▸ **SUPPLIED DATA**
──────

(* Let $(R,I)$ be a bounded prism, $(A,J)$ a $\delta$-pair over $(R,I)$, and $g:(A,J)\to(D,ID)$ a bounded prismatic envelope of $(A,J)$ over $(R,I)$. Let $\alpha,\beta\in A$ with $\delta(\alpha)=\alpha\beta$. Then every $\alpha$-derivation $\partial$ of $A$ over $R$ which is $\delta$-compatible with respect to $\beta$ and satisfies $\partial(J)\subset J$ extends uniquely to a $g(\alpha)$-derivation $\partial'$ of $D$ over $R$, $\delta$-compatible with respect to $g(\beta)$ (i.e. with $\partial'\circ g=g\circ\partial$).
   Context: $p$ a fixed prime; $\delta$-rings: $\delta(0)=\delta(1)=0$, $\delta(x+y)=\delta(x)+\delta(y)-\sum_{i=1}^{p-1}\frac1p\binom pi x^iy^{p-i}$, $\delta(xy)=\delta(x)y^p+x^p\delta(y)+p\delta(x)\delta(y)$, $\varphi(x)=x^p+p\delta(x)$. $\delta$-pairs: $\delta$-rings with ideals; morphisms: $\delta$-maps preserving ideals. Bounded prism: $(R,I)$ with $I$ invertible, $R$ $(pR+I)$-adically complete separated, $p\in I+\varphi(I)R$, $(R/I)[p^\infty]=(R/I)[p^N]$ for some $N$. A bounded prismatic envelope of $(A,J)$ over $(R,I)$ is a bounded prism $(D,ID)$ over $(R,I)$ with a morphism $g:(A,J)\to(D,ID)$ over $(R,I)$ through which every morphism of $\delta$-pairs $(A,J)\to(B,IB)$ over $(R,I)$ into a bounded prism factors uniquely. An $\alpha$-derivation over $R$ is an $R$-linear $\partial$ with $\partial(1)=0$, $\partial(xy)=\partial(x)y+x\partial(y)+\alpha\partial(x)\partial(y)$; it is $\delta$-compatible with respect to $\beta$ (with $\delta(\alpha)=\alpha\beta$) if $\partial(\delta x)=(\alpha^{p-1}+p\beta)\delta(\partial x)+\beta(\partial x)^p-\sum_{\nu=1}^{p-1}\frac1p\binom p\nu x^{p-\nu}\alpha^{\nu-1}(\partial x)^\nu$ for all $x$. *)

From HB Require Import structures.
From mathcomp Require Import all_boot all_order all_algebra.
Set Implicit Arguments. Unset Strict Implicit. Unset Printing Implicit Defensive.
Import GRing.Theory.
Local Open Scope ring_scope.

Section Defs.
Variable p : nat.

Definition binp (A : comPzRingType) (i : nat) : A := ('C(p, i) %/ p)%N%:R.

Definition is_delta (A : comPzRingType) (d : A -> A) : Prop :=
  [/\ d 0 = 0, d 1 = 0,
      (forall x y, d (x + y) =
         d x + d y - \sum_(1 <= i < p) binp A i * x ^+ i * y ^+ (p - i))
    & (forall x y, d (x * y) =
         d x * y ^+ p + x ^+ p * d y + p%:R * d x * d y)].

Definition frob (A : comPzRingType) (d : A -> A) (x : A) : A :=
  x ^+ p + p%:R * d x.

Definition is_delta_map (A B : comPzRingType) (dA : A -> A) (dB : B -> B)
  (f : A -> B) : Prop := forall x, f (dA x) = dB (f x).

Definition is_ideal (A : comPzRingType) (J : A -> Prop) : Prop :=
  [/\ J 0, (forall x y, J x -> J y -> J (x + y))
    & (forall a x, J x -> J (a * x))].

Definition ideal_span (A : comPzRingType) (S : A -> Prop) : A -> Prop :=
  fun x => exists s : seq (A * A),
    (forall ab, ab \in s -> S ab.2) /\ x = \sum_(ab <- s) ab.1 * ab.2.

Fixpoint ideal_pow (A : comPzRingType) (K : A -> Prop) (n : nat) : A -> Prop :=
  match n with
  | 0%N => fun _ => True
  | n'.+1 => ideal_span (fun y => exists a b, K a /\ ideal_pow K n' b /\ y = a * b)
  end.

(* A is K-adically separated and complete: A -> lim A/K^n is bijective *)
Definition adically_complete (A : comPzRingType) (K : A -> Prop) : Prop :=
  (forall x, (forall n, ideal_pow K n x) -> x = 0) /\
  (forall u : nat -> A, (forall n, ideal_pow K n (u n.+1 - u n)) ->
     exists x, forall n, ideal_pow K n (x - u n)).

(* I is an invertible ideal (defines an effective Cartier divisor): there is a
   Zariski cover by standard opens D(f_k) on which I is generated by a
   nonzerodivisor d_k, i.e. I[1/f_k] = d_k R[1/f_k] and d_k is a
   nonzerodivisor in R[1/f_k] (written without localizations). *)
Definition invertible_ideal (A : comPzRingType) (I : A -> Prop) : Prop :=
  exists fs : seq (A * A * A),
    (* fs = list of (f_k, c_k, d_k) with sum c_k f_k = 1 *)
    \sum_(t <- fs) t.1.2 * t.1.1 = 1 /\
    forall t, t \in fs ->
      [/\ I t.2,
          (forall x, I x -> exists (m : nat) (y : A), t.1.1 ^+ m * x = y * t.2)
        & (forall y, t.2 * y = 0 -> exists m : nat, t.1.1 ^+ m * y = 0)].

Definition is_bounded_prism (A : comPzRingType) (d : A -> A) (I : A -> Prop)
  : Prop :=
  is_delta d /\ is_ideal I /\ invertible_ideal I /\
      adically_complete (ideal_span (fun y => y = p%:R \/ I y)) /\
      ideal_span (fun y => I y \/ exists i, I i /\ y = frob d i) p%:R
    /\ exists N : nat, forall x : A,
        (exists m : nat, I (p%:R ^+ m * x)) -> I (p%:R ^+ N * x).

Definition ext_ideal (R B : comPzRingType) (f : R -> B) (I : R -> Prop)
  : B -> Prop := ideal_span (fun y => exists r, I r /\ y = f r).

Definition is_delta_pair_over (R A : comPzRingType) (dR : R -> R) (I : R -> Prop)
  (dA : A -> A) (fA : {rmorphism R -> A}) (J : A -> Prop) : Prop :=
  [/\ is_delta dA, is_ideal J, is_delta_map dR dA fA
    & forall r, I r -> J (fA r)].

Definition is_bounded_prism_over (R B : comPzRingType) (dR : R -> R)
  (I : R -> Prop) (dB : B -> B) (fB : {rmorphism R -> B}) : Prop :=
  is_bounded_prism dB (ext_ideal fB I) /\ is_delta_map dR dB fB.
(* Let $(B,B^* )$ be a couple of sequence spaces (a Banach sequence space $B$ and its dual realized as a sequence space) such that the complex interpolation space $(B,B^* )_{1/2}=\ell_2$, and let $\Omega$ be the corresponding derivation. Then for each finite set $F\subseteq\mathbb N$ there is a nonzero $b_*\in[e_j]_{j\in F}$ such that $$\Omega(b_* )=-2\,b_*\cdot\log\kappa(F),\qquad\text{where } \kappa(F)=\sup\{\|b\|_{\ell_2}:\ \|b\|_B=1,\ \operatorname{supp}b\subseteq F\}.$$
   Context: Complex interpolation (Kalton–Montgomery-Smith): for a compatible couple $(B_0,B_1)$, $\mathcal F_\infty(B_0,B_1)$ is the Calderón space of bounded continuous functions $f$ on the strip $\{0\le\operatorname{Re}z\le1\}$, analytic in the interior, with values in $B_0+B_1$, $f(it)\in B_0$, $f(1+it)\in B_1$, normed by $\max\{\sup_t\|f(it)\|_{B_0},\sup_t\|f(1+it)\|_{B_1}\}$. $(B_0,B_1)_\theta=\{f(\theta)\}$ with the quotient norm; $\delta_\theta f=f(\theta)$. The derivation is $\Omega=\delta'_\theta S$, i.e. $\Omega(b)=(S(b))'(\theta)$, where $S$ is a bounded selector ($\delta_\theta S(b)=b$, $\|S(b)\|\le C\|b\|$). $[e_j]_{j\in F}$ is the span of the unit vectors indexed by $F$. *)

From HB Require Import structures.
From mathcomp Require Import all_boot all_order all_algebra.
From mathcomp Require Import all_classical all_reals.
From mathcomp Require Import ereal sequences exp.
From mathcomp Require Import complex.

──────

▸ **WHAT TO DO**
Would you copy each line of the records that contains "nonzerodivisor"?

▸ **TASK OUTPUT**
   nonzerodivisor d_k, i.e. I[1/f_k] = d_k R[1/f_k] and d_k is a
   nonzerodivisor in R[1/f_k] (written without localizations). *)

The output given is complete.